# How to complete this task
Copy word for word, please, the lines of the entries below running from the one containing "Definition class_sizes : 'rV[R]_m" to the one containing "Lemma mulmx_tr_class_mx p", both ends included.

# Records for the task
(* Let $G=K^{n_{1},n_{2},\ldots,n_{k}}_{n}$ where $k\geq 2$, $n_i\ge1$ and $n=\sum_{i=1}^{k}n_{i}+1$. Then the distance characteristic polynomial of $G$ is $$P_{D}(\lambda)=\det(\lambda I-D(G))=(\lambda+1)^{n-k-1}\Big(\lambda-\sum_{i=1}^{k}\frac{n_{i}(2\lambda+1)}{\lambda+n_{i}+1}\Big)\prod_{i=1}^{k}(\lambda+n_{i}+1).$$
   Context: $D(G)$ is the distance matrix of $G$. $K^{n_{1},\ldots,n_{k}}_{n}$ denotes the graph on $n$ vertices having a vertex $v$ of degree $n-1$ such that $G-v$ is the disjoint union of complete graphs $K_{n_1},\dots,K_{n_k}$. *)

From HB Require Import structures.
From mathcomp Require Import all_boot all_order all_algebra.
Set Implicit Arguments. Unset Strict Implicit. Unset Printing Implicit Defensive.
Import Order.TTheory GRing.Theory Num.Theory.

Fixpoint within (T : finType) (e : rel T) (m : nat) (x y : T) : bool :=
  match m with
  | 0 => x == y
  | m'.+1 => within e m' x y || [exists z, within e m' x z && e z y]
  end.

(* Graph distance: least m such that y is reachable from x in at most m
   steps (for connected graphs this is the usual shortest-path distance;
   every shortest walk has length < #|T|). *)
Definition gdist (T : finType) (e : rel T) (x y : T) : nat :=
  find (fun m => within e m x y) (iota 0 #|T|).

Definition distmx (R : nzRingType) (n : nat) (e : rel 'I_n) : 'M[R]_n :=
  \matrix_(i, j) ((gdist e i j)%:R)%R.

(* G is (isomorphic to) K_n^{n_1,...,n_k}: a simple graph on n vertices
   having a vertex v of degree n-1 such that G - v is the disjoint union of
   complete graphs K_{n_1}, ..., K_{n_k}; the component of a vertex x != v
   is c x, and component i has exactly n_i vertices. *)
Definition is_K_graph (n k : nat) (ns : 'I_k -> nat) (e : rel 'I_n) : Prop :=
  [/\ symmetric e, irreflexive e &
   exists (v : 'I_n) (c : 'I_n -> 'I_k),
     [/\ #|[set y | e v y]| = n.-1,
         forall i : 'I_k, #|[set x | (x != v) && (c x == i)]| = ns i &
         forall x y : 'I_n, x != v -> y != v -> x != y ->
           e x y = (c x == c y)]].

From HB Require Import structures.
From mathcomp Require Import all_boot all_order all_algebra.
From mathcomp Require Import ring.
Set Implicit Arguments.
Unset Strict Implicit.
Unset Printing Implicit Defensive.

Import Order.TTheory GRing.Theory Num.Theory.
Local Open Scope ring_scope.

(* D(G) + I is constant on the blocks of the partition {v}, V(K_{n_1}), ...,
   V(K_{n_k}), so lam I - D(G) = a I - P Q P^T with a = lam + 1, P the
   n x (k+1) class-indicator matrix and Q the quotient matrix.  Sylvester's determinant identity turns
   its determinant into a^(n-k-1) det (a I - Q P^T P), a (k+1) x (k+1)
   determinant; there Q is a diagonal matrix plus a rank-two matrix, and the
   matrix determinant lemma leaves a 2 x 2 determinant.  The denominators
   lam + 1 and lam + n_i + 1 are removed by comparing both sides as
   polynomials at the natural numbers. *)

Section Determinants.
Variable R : comNzRingType.

Lemma det_scalar_sub_mulmxC p q (A : 'M[R]_(p, q)) (B : 'M[R]_(q, p)) (a : R) :
  a ^+ q * \det (a%:M - A *m B) = a ^+ p * \det (a%:M - B *m A).
Proof.
pose X := block_mx (a%:M) A B (1%:M : 'M[R]_q).
have XL : X *m block_mx 1%:M 0 (- B) 1%:M = block_mx (a%:M - A *m B) A 0 1%:M.
  by rewrite mulmx_block !mulmx1 !mulmx0 mul1mx mulmxN !add0r subrr.
have LX : block_mx 1%:M 0 (- B) (a%:M) *m X = block_mx (a%:M) A 0 (a%:M - B *m A).
  rewrite mulmx_block !mul1mx !mul0mx !addr0 mulmx1 mulNmx mul_mx_scalar.
  by rewrite mul_scalar_mx addNr addrC mulNmx.
have := congr1 determinant XL; have := congr1 determinant LX.
rewrite !det_mulmx !det_lblock !det_ublock !det1 !det_scalar !mulr1 mul1r.
by move=> <- <-.
Qed.

Lemma det_mx22 (M : 'M[R]_2) : \det M = M 0 0 * M 1 1 - M 0 1 * M 1 0.
Proof.
rewrite (expand_det_row _ 0) !big_ord_recl big_ord0 addr0 /cofactor !det_mx11.
have l00 : lift (0 : 'I_2) (0 : 'I_1) = 1 by apply/val_inj.
have l10 : lift (1 : 'I_2) (0 : 'I_1) = 0 by apply/val_inj.
by rewrite !mxE /= l00 l10 expr0 expr1 !mul1r mulN1r mulrN.
Qed.

End Determinants.

Lemma det_diag_sub_mulmx (F : fieldType) m p (d : 'rV[F]_m)
    (U : 'M[F]_(m, p)) (W : 'M[F]_(p, m)) :
  (forall s, d 0 s != 0) ->
  \det (diag_mx d - U *m W)
    = (\prod_s d 0 s) * \det (1%:M - W *m (diag_mx (\row_s (d 0 s)^-1) *m U)).
Proof.
move=> d_neq0; set Di := diag_mx (\row_s _).
have dDi : diag_mx d *m Di = 1%:M.
  by apply/matrixP => s t; rewrite mulmx_diag !mxE divff.
have -> : diag_mx d - U *m W = diag_mx d *m (1%:M - (Di *m U) *m W).
  by rewrite mulmxBr mulmx1 !mulmxA dDi mul1mx.
rewrite det_mulmx det_diag; congr (_ * _).
by have := det_scalar_sub_mulmxC (Di *m U) W 1; rewrite !expr1n !mul1r.
Qed.

Lemma horner_char_poly (R : comNzRingType) n (A : 'M[R]_n) (x : R) :
  (char_poly A).[x] = \det (x%:M - A).
Proof.
rewrite /char_poly -horner_evalE -det_map_mx; congr (\det _).
apply/matrixP => i j; rewrite !mxE /horner_eval.
change ((('X *+ (i == j) - (A i j)%:P).[x]) = x *+ (i == j) - A i j).
by rewrite hornerD hornerN hornerMn hornerX hornerC.
Qed.

Lemma poly_eq_nat (R : numFieldType) (p q : {poly R}) :
  (forall m : nat, p.[m%:R] = q.[m%:R]) -> p = q.
Proof.
move=> eq_pq; apply/eqP; rewrite -subr_eq0; apply/eqP.
apply: (@roots_geq_poly_eq0 _ _ [seq (m%:R : R) | m <- iota 0 (size (p - q))]).
- by apply/allP => _ /mapP[m _ ->]; rewrite /root !hornerE eq_pq subrr.
- by rewrite map_inj_uniq ?iota_uniq // => i j /eqP; rewrite eqr_nat => /eqP.
- by rewrite size_map size_iota.
Qed.

Section ClassMatrices.
Variables (R : nzRingType) (n m : nat) (cl : 'I_n -> 'I_m).

Definition class_mx : 'M[R]_(n, m) := \matrix_(x, s) (cl x == s)%:R.
Definition inflate_mx (C : 'M[R]_m) : 'M[R]_n := \matrix_(x, y) C (cl x) (cl y).
Definition class_sizes : 'rV[R]_m := \row_s #|[set x | cl x == s]|%:R.

Lemma mul_class_mx p (M : 'M[R]_(m, p)) :
  class_mx *m M = \matrix_(x, t) M (cl x) t.
Proof.
apply/matrixP => x t; rewrite !mxE (bigD1 (cl x)) //= big1 => [|s s_neq].
  by rewrite !mxE eqxx mul1r addr0.
by rewrite !mxE eq_sym (negbTE s_neq) mul0r.
Qed.

Lemma mulmx_tr_class_mx p (M : 'M[R]_(p, m)) :
  M *m class_mx^T = \matrix_(t, x) M t (cl x).
Proof.
apply/matrixP => t x; rewrite !mxE (bigD1 (cl x)) //= big1 => [|s s_neq].
  by rewrite !mxE eqxx mulr1 addr0.
by rewrite !mxE eq_sym (negbTE s_neq) mulr0.
Qed.

Lemma inflate_mxE C : inflate_mx C = class_mx *m (C *m class_mx^T).
Proof. by rewrite mulmx_tr_class_mx mul_class_mx; apply/matrixP => x y; rewrite !mxE. Qed.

# Exercise output
Definition class_sizes : 'rV[R]_m := \row_s #|[set x | cl x == s]|%:R.

Lemma mul_class_mx p (M : 'M[R]_(m, p)) :
  class_mx *m M = \matrix_(x, t) M (cl x) t.
Proof.
apply/matrixP => x t; rewrite !mxE (bigD1 (cl x)) //= big1 => [|s s_neq].
  by rewrite !mxE eqxx mul1r addr0.
by rewrite !mxE eq_sym (negbTE s_neq) mul0r.
Qed.

Lemma mulmx_tr_class_mx p (M : 'M[R]_(p, m)) :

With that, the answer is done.